Mieux encore, s'il le faisait comme couronnement d'une autocritique objective
de l'Histoire de l'Afrique du nord. L'on sait bien que formes et
significations vont ensemble: si
tamazight est présente dans les médias, à l'école et dans les
institutions; elle ne peut pas survivre aux surdéterminations contextuelles
qui lui tendent d'autres discours de «négation». Ses formes et
significations sont là, bien définies, et c'est en faisant qu'elle existera.
Par exemple, l'IRCA essaie de procréer tamazight afin de lui ramender ses
failles, ses parties effacées…, c'est bien.
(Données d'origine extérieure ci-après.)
(* Let $n\ge2$ and $\mathcal{W}=\mathcal{W}_{\lambda_-,\lambda_+}$ with $\lambda_-\le\lambda_+\in(-1,1)$. Consider a performance evaluation setting $\mathcal{S}_n=\{n,\mathcal{A},K,\mathcal{P},\mathcal{F},\mathcal{I},\mathcal{W}\}$ in which the algorithm $\mathcal{A}\in\mathcal{A}_d$, the performance measure $\mathcal{P}$, the initial conditions $\mathcal{I}$ and the interpolation constraints for $\mathcal{F}$ are linearly (or LMI) Gram-representable, and assume all the agents are equivalent in the PEP. Then: 1. The computation of $w(\mathcal{S}_n)$ can be formulated as an SDP with variables $f^A\in\mathbb{R}^q$, $G^A\in\mathbb{R}^{p\times p}$, $G^C\in\mathbb{R}^{p\times p}$, whose size is independent of $n$. 2. If, in addition, $\mathcal{P}$ is scale-invariant and $\mathcal{I}$ only contains single-agent constraints (each applied to every agent $i$) and scale-invariant constraints, then the resulting SDP and its optimal value $w(\mathcal{S}_n)$ are independent of $n$.
   Context: Distributed optimization: $n$ agents with local functions $f_i:\mathbb{R}^d\to\mathbb{R}$ minimize $f(x)=\frac1n\sum_if_i(x)$. $\mathcal{A}_d$ is the class of algorithms built from (i) local gradient evaluations $g_i=\nabla f_i(x_i)$ at any local variable, (ii) consensus steps $\mathbf{y}=(W\otimes I_d)\mathbf{x}$ (i.e. $y_i=\sum_jw_{ij}x_j$) with $W\in\mathcal{W}$, (iii) linear combinations of an agent's local variables with coefficients known in advance. $\mathcal{W}_{\lambda_-,\lambda_+}$ is the set of symmetric $W\in\mathbb{R}^{n\times n}$ with $\lambda_1(W)=1$, eigenvector $\mathbf{1}/\sqrt n$, other eigenvalues in $[\lambda_-,\lambda_+]$. The setting $\mathcal{S}_n$ specifies $n$, the algorithm $\mathcal{A}$, the number of iterations $K$, the performance criterion $\mathcal{P}$, the class $\mathcal{F}$ of local functions, the initial conditions $\mathcal{I}$, and $\mathcal{W}$. Agent-dependent SDP PEP: each agent $i$ holds $p$ vector variables (iterates, consensus outputs, gradients at these points, and copies of points common to all agents such as the minimizer $x^*$ with $\nabla f_i(x^* )$), gathered as columns of $P_i\in\mathbb{R}^{d\times p}$ in a common order, and $q$ function values in $f_i\in\mathbb{R}^q$; variables $F=[f_1^T\dots f_n^T]$, $G=P^TP\succeq0$, $P=[P_1\dots P_n]$, $G_{ij}=P_i^TP_j$. An expression or constraint is linearly (resp. LMI) Gram-representable if it is given by finitely many linear (resp. linear matrix inequality) constraints or expressions in $(F,G)$. The PEP maximizes $\mathcal{P}(F,G)$ subject to $G\succeq0$, the algorithm constraints, interpolation constraints for $\mathcal{F}$ on each agent's triplets (point, gradient, value), the initial conditions, the optimality condition $\frac1n\sum_i\nabla f_i(x^* )=0$, and, for each set of consensus steps using a common matrix, with $X=[\mathbf{x}^1\dots\mathbf{x}^K]$, $Y=[\mathbf{y}^1\dots\mathbf{y}^K]\in\mathbb{R}^{nd\times K}$: $\bar X=\bar Y$, $(Y_\perp-\lambda_-X_\perp)^T(Y_\perp-\lambda_+X_\perp)\preceq0$, $X_\perp^TY_\perp=Y_\perp^TX_\perp$, where $\bar X$ replaces each agent's component by the agent average and $X_\perp=X-\bar X$. $w(\mathcal{S}_n)$ denotes the optimal value of this SDP. Agents $i,j$ are equivalent if for every feasible $(F,G)$, swapping the blocks of agents $i$ and $j$ gives a feasible solution with the same objective value. $f^A$, $G^A$, $G^C$ denote, respectively, the common agent block of function values, the common diagonal block, and the common off-diagonal block of a solution in which all $f_i$ are equal, all $G_{ii}$ are equal, and all $G_{ij}$ ($i\ne j$) are equal. A Gram-representable expression $h$ is scale-invariant if $h=\sum_jc_jh_j$ with coefficients $c_j$ independent of $n$ and each $h_j$ of one of the forms $\frac1n\sum_if_i(x_i)$, $\frac1n\sum_ix_i^Ty_i$, $\frac1{n^2}\sum_i\sum_jx_i^Ty_j$ for local variables $x_i,y_j$ of agents $i,j$ (common points being copied in each agent's variables); a constraint $h\le D$ is scale-invariant if $h$ is. An expression is single-agent if it is a linear combination, with coefficients independent of $n$, of terms involving only the local variables and local function of one agent $i$; a constraint $h\le D$ is single-agent if $h$ is. *)

From HB Require Import structures.
From mathcomp Require Import all_boot all_order all_algebra.
From mathcomp Require Import boolp classical_sets reals constructive_ereal ereal.

Set Implicit Arguments.
Unset Strict Implicit.
Unset Printing Implicit Defensive.

Import Order.TTheory GRing.Theory Num.Theory.
Local Open Scope ring_scope.
Local Open Scope classical_set_scope.

Section PEP.
Variable R : realType.

Definition psd (m : nat) (A : 'M[R]_m) : Prop :=
  A^T = A /\ forall v : 'rV[R]_m, 0 <= (v *m A *m v^T) 0 0.

(* PEP variables for n agents with p vectors and q function values each:
   F i  = f_i in R^q (a row vector),
   G i j = G_ij = P_i^T P_j in R^{p x p} (block (i,j) of the Gram matrix). *)
Definition Fvar (n q : nat) := 'I_n -> 'rV[R]_q.
Definition Gvar (n p : nat) := 'I_n -> 'I_n -> 'M[R]_p.

(* G = (G_ij) is a symmetric PSD (np x np) matrix, written out blockwise *)
Definition psd_blocks (n p : nat) (G : Gvar n p) : Prop :=
  (forall i j, G j i = (G i j)^T) /\
  forall v : 'I_n -> 'rV[R]_p,
    0 <= (\sum_i \sum_j (v i *m G i j *m (v j)^T)) 0 0.

Definition swap_idx (n : nat) (i j k : 'I_n) : 'I_n :=
  if k == i then j else if k == j then i else k.
Definition swapF n q (i j : 'I_n) (F : Fvar n q) : Fvar n q :=
  fun k => F (swap_idx i j k).
Definition swapG n p (i j : 'I_n) (G : Gvar n p) : Gvar n p :=
  fun k l => G (swap_idx i j k) (swap_idx i j l).

(* an LMI constraint affine in (F,G):
   C0 + sum_{i,a} F_i[a] CF_{i,a} + sum_{i,j,a,b} G_ij[a,b] CG_{i,j,a,b} >= 0
   (linear scalar constraints are the case m = 1) *)
Record gen_lmi (n p q : nat) := GenLMI {
  gl_m : nat;
  gl_C0 : 'M[R]_gl_m;
  gl_CF : 'I_n -> 'I_q -> 'M[R]_gl_m;
  gl_CG : 'I_n -> 'I_n -> 'I_p -> 'I_p -> 'M[R]_gl_m }.
Arguments gl_C0 {n p q} L : rename.
Arguments gl_CF {n p q} L _ _ : rename.
Arguments gl_CG {n p q} L _ _ _ _ : rename.


Definition gen_lmi_eval n p q (L : gen_lmi n p q) (F : Fvar n q) (G : Gvar n p)
  : 'M[R]_(gl_m L) :=
  gl_C0 L + \sum_i \sum_a F i 0 a *: gl_CF L i a
          + \sum_i \sum_j \sum_a \sum_b G i j a b *: gl_CG L i j a b.

Record gen_obj (n p q : nat) := GenObj {
  go_c0 : R;
  go_cF : 'I_n -> 'I_q -> R;
  go_cG : 'I_n -> 'I_n -> 'I_p -> 'I_p -> R }.

Definition gen_obj_eval n p q (o : gen_obj n p q) (F : Fvar n q) (G : Gvar n p) : R :=
  go_c0 o + \sum_i \sum_a go_cF o i a * F i 0 a
          + \sum_i \sum_j \sum_a \sum_b go_cG o i j a b * G i j a b.

(* A PEP: maximize the objective subject to G PSD and finitely many
   LMI-Gram-representable constraints (algorithm, interpolation, initial
   conditions, optimality condition, consensus constraints). *)
Record gen_pep (n p q : nat) := GenPEP {
  gp_obj : gen_obj n p q;
  gp_nL : nat;
  gp_L : 'I_gp_nL -> gen_lmi n p q }.
Arguments gp_L {n p q} P _ : rename.


Definition gen_feas n p q (P : gen_pep n p q) (F : Fvar n q) (G : Gvar n p) : Prop :=
  psd_blocks G /\ forall k, psd (gen_lmi_eval (gp_L P k) F G).

Definition w_gen n p q (P : gen_pep n p q) : \bar R :=
  ereal_sup [set (gen_obj_eval (gp_obj P) FG.1 FG.2)%:E
            | FG in [set FG : Fvar n q * Gvar n p | gen_feas P FG.1 FG.2]].

Definition agents_equiv_gen n p q (P : gen_pep n p q) : Prop :=
  forall (F : Fvar n q) (G : Gvar n p) (i j : 'I_n),
    gen_feas P F G ->
    gen_feas P (swapF i j F) (swapG i j G) /\
    gen_obj_eval (gp_obj P) (swapF i j F) (swapG i j G)
      = gen_obj_eval (gp_obj P) F G.

(* The reduced SDP in the variables fA in R^q, GA, GC in R^{p x p}
   (obtained by restricting to f_i = fA, G_ii = GA, G_ij = GC (i <> j)). *)
Definition red_lmi_eval n p q (L : gen_lmi n p q)
  (fA : 'rV[R]_q) (GA GC : 'M[R]_p) : 'M[R]_(gl_m L) :=
  gl_C0 L + \sum_a fA 0 a *: (\sum_i gl_CF L i a)
  + \sum_a \sum_b (GA a b *: (\sum_i gl_CG L i i a b)
                   + GC a b *: (\sum_i \sum_(j | j != i) gl_CG L i j a b)).

Definition red_obj_eval n p q (o : gen_obj n p q)
  (fA : 'rV[R]_q) (GA GC : 'M[R]_p) : R :=
  go_c0 o + \sum_a (\sum_i go_cF o i a) * fA 0 a
  + \sum_a \sum_b ((\sum_i go_cG o i i a b) * GA a b
                   + (\sum_i \sum_(j | j != i) go_cG o i j a b) * GC a b).

Definition red_feas n p q (P : gen_pep n p q)
  (fA : 'rV[R]_q) (GA GC : 'M[R]_p) : Prop :=
  GA^T = GA /\ GC^T = GC /\
  psd (GA - GC) /\ psd (GA + (n.-1)%:R *: GC) /\
  forall k, psd (red_lmi_eval (gp_L P k) fA GA GC).

Definition w_gen_red n p q (P : gen_pep n p q) : \bar R :=
  ereal_sup [set (red_obj_eval (gp_obj P) X.1.1 X.1.2 X.2)%:E
            | X in [set X : 'rV[R]_q * 'M[R]_p * 'M[R]_p
                   | red_feas P X.1.1 X.1.2 X.2]].

Definition avgF n q (F : Fvar n q) (a : 'I_q) : R :=
  (n%:R)^-1 * \sum_i F i 0 a.
Definition gramA n p (G : Gvar n p) (a b : 'I_p) : R :=
  (n%:R)^-1 * \sum_i G i i a b.
Definition gramM n p (G : Gvar n p) (a b : 'I_p) : R :=
  (n%:R ^+ 2)^-1 * \sum_i \sum_j G i j a b.

(* scale-invariant expression: linear combination, with n-independent
   coefficients, of the three forms above *)
Record si_expr (p q : nat) := SIExpr {
  si_cf : 'rV[R]_q;
  si_cA : 'M[R]_p;
  si_cM : 'M[R]_p }.

Definition si_eval n p q (h : si_expr p q) (F : Fvar n q) (G : Gvar n p) : R :=
  \sum_a si_cf h 0 a * avgF F a
  + \sum_a \sum_b (si_cA h a b * gramA G a b + si_cM h a b * gramM G a b).

(* single-agent LMI constraint (n-independent coefficients), applied to every
   agent i:  C0 + sum_a f_i[a] CF_a + sum_{a,b} G_ii[a,b] CG_{a,b} >= 0 *)
Record sa_lmi (p q : nat) := SALMI {
  sa_m : nat;
  sa_C0 : 'M[R]_sa_m;
  sa_CF : 'I_q -> 'M[R]_sa_m;
  sa_CG : 'I_p -> 'I_p -> 'M[R]_sa_m }.
Arguments sa_C0 {p q} c : rename.
Arguments sa_CF {p q} c _ : rename.
Arguments sa_CG {p q} c _ _ : rename.


Definition sa_eval p q (c : sa_lmi p q) (f : 'rV[R]_q) (Gi : 'M[R]_p) : 'M[R]_(sa_m c) :=
  sa_C0 c + \sum_a f 0 a *: sa_CF c a + \sum_a \sum_b Gi a b *: sa_CG c a b.

(* a set of K consensus steps y^k = (W (x) I) x^k with a common W in W_{lm,lp};
   x^k (resp. y^k) is column cx k (resp. cy k) of every agent *)
Record cons_block (p : nat) := ConsBlock {
  cb_K : nat;
  cb_x : 'I_cb_K -> 'I_p;
  cb_y : 'I_cb_K -> 'I_p }.
Arguments cb_x {p} c _ : rename.
Arguments cb_y {p} c _ : rename.


(* (X_perp^T Y_perp)[k,l] for columns u (for k) and v (for l) *)
Definition perp_gram n p (G : Gvar n p) (u v : 'I_p) : R :=
  \sum_i G i i u v - (n%:R)^-1 * \sum_i \sum_j G i j u v.

Definition cons_ok n p (lm lp : R) (c : cons_block p) (G : Gvar n p) : Prop :=
  let XY := \matrix_(k, l) perp_gram G (cb_x c k) (cb_y c l) in
  let YX := \matrix_(k, l) perp_gram G (cb_y c k) (cb_x c l) in
  let XX := \matrix_(k, l) perp_gram G (cb_x c k) (cb_x c l) in
  let YY := \matrix_(k, l) perp_gram G (cb_y c k) (cb_y c l) in
  (* Xbar = Ybar : || sum_i (x_i^k - y_i^k) ||^2 = 0 for every k *)
  (forall k, \sum_i \sum_j (G i j (cb_x c k) (cb_x c k) - G i j (cb_x c k) (cb_y c k)
                            - G i j (cb_y c k) (cb_x c k) + G i j (cb_y c k) (cb_y c k)) = 0)
  (* (Y_perp - lm X_perp)^T (Y_perp - lp X_perp) <= 0 *)
  /\ psd (- (YY - lp *: YX - lm *: XY + (lm * lp) *: XX))
  /\ XY = YX.

Record pep_desc (p q : nat) := PEPDesc {
  pd_obj : si_expr p q;
  pd_nsa : nat;
  pd_sa : 'I_pd_nsa -> sa_lmi p q;          (* algorithm local steps, interpolation,
                                               single-agent initial conditions *)
  pd_nsi : nat;                             (* scale-invariant constraints h <= D *)
  pd_si : 'I_pd_nsi -> si_expr p q * R;
  pd_ncom : nat;                            (* columns holding common points (e.g. the minimizer) *)
  pd_com : 'I_pd_ncom -> 'I_p;
  pd_nopt : nat;                            (* columns g with (1/n) sum_i g_i = 0 *)
  pd_opt : 'I_pd_nopt -> 'I_p;
  pd_ncons : nat;
  pd_cons : 'I_pd_ncons -> cons_block p }.
Arguments pd_sa {p q} D _ : rename.
Arguments pd_si {p q} D _ : rename.
Arguments pd_com {p q} D _ : rename.
Arguments pd_opt {p q} D _ : rename.
Arguments pd_cons {p q} D _ : rename.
Mieux serait si l'IRCA déterminait
ces structures qui font défaillir… Rappelons qu'à cause de ce constant reniement (de
l'amazigh, de soi) à travers l'Histoire du Maghreb naissent des interdits,
des complexes, des malaises, des maux d'être. L'on sait bien que la
personnalité marocaine, qui est naguère construction d'interdits et
difficile à cerner dans ses scissions, retrouve le jour car à l'histoire
elle appartient, mais pas l'espace car son soubassement est vu avec rancune.
Sans son espace, elle ne pourrait point croître naturellement, tout le monde
le sait. En faisant ce savoir, en le réalisant, la voie à venir (démocratie)
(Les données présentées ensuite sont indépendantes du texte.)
(* Let $f:\mathbb{R}^d\to\mathbb{R}$ be convex, $C^2$, with $\nabla^2 f(x)\succ0$ for all $x$, and suppose there is $L_{\text{alt}}>0$ with $$f(x+h)-f(x)\le\langle\nabla f(x),h\rangle+\tfrac12\|h\|_x^2+\tfrac{L_{\text{alt}}}{6}\|h\|_x^3\quad\forall x,h\in\mathbb{R}^d.$$ Let $x_0\in\mathbb{R}^d$, assume $f$ has a unique minimizer $x_*$ and that $\{x:f(x)\le f(x_0)\}$ is bounded. Let $L_{\text{est}}\ge L_{\text{alt}}$, $0<c_1\le1$, and let $(x_t)$ be the AICN iterates from $x_0$. Then there is an absolute constant $C>0$ such that for every $k\ge1$ with $\|\nabla f(x_t)\|_{x_t}^*\ge\frac{4c_1}{L_{\text{est}}}$ for all $t=0,\dots,k-1$, $$f(x_k)-f(x_* )\le\frac{C\,L_{\text{est}}D_k^3}{c_1k^2},\qquad D_k=\max_{0\le t\le k}\|x_t-x_*\|_{x_t}.$$
   Context: Local norms: $\|h\|_x=\langle\nabla^2 f(x)h,h\rangle^{1/2}$, $\|g\|_x^*=\langle g,[\nabla^2 f(x)]^{-1}g\rangle^{1/2}$. AICN (Affine-Invariant Cubic Newton) with parameter $L_{\text{est}}>0$ from $x_0$: $x_{k+1}=x_k-\alpha_k[\nabla^2 f(x_k)]^{-1}\nabla f(x_k)$ with $\alpha_k=\frac{-1+\sqrt{1+2L_{\text{est}}\|\nabla f(x_k)\|_{x_k}^*}}{L_{\text{est}}\|\nabla f(x_k)\|_{x_k}^*}$ (and $\alpha_k:=1$ if $\nabla f(x_k)=0$, so then $x_{k+1}=x_k$). *)

From HB Require Import structures.
From mathcomp Require Import all_boot all_order all_algebra.
From mathcomp Require Import all_classical all_reals all_analysis.
Set Implicit Arguments. Unset Strict Implicit. Unset Printing Implicit Defensive.
Import Order.TTheory GRing.Theory Num.Theory.
Import numFieldNormedType.Exports.
Local Open Scope ring_scope.

Definition ip (R : realType) (d : nat) (u v : 'cV[R]_d) : R := (u^T *m v) 0 0.

(* local norm ||h||_x = <Hess f(x) h, h>^(1/2), Hess f given as H *)
Definition lnorm (R : realType) (d : nat) (H : 'cV[R]_d -> 'M[R]_d)
  (x h : 'cV[R]_d) : R := Num.sqrt (ip (H x *m h) h).

Definition dnorm (R : realType) (d : nat) (H : 'cV[R]_d -> 'M[R]_d)
  (x g : 'cV[R]_d) : R := Num.sqrt (ip g (invmx (H x) *m g)).

Definition aicn_alpha (R : realType) (d : nat) (L : R)
  (G : 'cV[R]_d -> 'cV[R]_d) (H : 'cV[R]_d -> 'M[R]_d) (x : 'cV[R]_d) : R :=
  if G x == 0 then 1
  else (-1 + Num.sqrt (1 + 2 * L * dnorm H x (G x))) / (L * dnorm H x (G x)).

Definition aicn_step (R : realType) (d : nat) (L : R)
  (G : 'cV[R]_d -> 'cV[R]_d) (H : 'cV[R]_d -> 'M[R]_d) (x : 'cV[R]_d) :
  'cV[R]_d := x - aicn_alpha L G H x *: (invmx (H x) *m G x).

Definition aicn_iter (R : realType) (d : nat) (L : R)
  (G : 'cV[R]_d -> 'cV[R]_d) (H : 'cV[R]_d -> 'M[R]_d) (x0 : 'cV[R]_d)
  (k : nat) : 'cV[R]_d := iter k (aicn_step L G H) x0.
est assurée. La peur meut tragiquement l'histoire,
surtout la peur de l'autre, emmène l'homme à détruire les autres, en
ignorant qu'il s'autodétruit. Là une sorte de propension qui émane de
l'instinct de la mort (Freud). Nnn L'istinass naît d'un remords (à entendre
comme rancune) historique, d'une philosophie sophiste et d'un désir primitif
qui ne peuvent développer la négation définitive de tamazight. A travers
les lignes de «Almithaq Alwatani», l'on peut déchiffrer des passages d'anxiété
nationale, de frustration partisane et de déformation continue. Chaque réforme
de l'enseignement au Maghreb renouvelle les stratégies de destruction
identitaire. Peut-on avoir un projet sensé pour l'éducation qui développe
comme finalité une horrible destruction? Le statut: indéfini, et le rôle:
nul.
IV.- Tamazight et le problème des concepts définitoires
A une ethnie correspond une culture, et à
une culture correspond un discours. Quel serait l'emplacement de tamazight au
sein de ces concepts / valeurs? Revenons en arrière, définissons les
concepts. Qu'est-ce qu'une culture? Quels sont ses
contenus? Quel est ce discours qui lui est propre? Comment meuvent-ils les
paradoxes de l'essence de la culture? Citons la traduction castellane de
l'essai de l'anthropologue Edward T. Hall, Beyond Culture, qui apporte des réponses
judicieuses: «la propia cultura consiste en una serie de modelos
situacionales de comportamiento y pensamiento» (édition GG, Barcelone, 1978,
p. 20). Quels sont ces modèles dans tamazight? Là, nous aurons la réponse
à: Qu'est-ce que le système définitoire de cette culture? Ce sont ces éléments,
critères et structures (tout un système) qui éternisent la culture en tant
que discours autonome, mesuré et
authentique. Chaque culture possède une identité spécifique. On ne pourra
jamais faire de la culture amazighe une identité nordique, non plus
orientale. La langue, la communication non verbale, l'histoire, les rites, la
vision du monde qui sont les traits de toute identité ne sont pas les mêmes.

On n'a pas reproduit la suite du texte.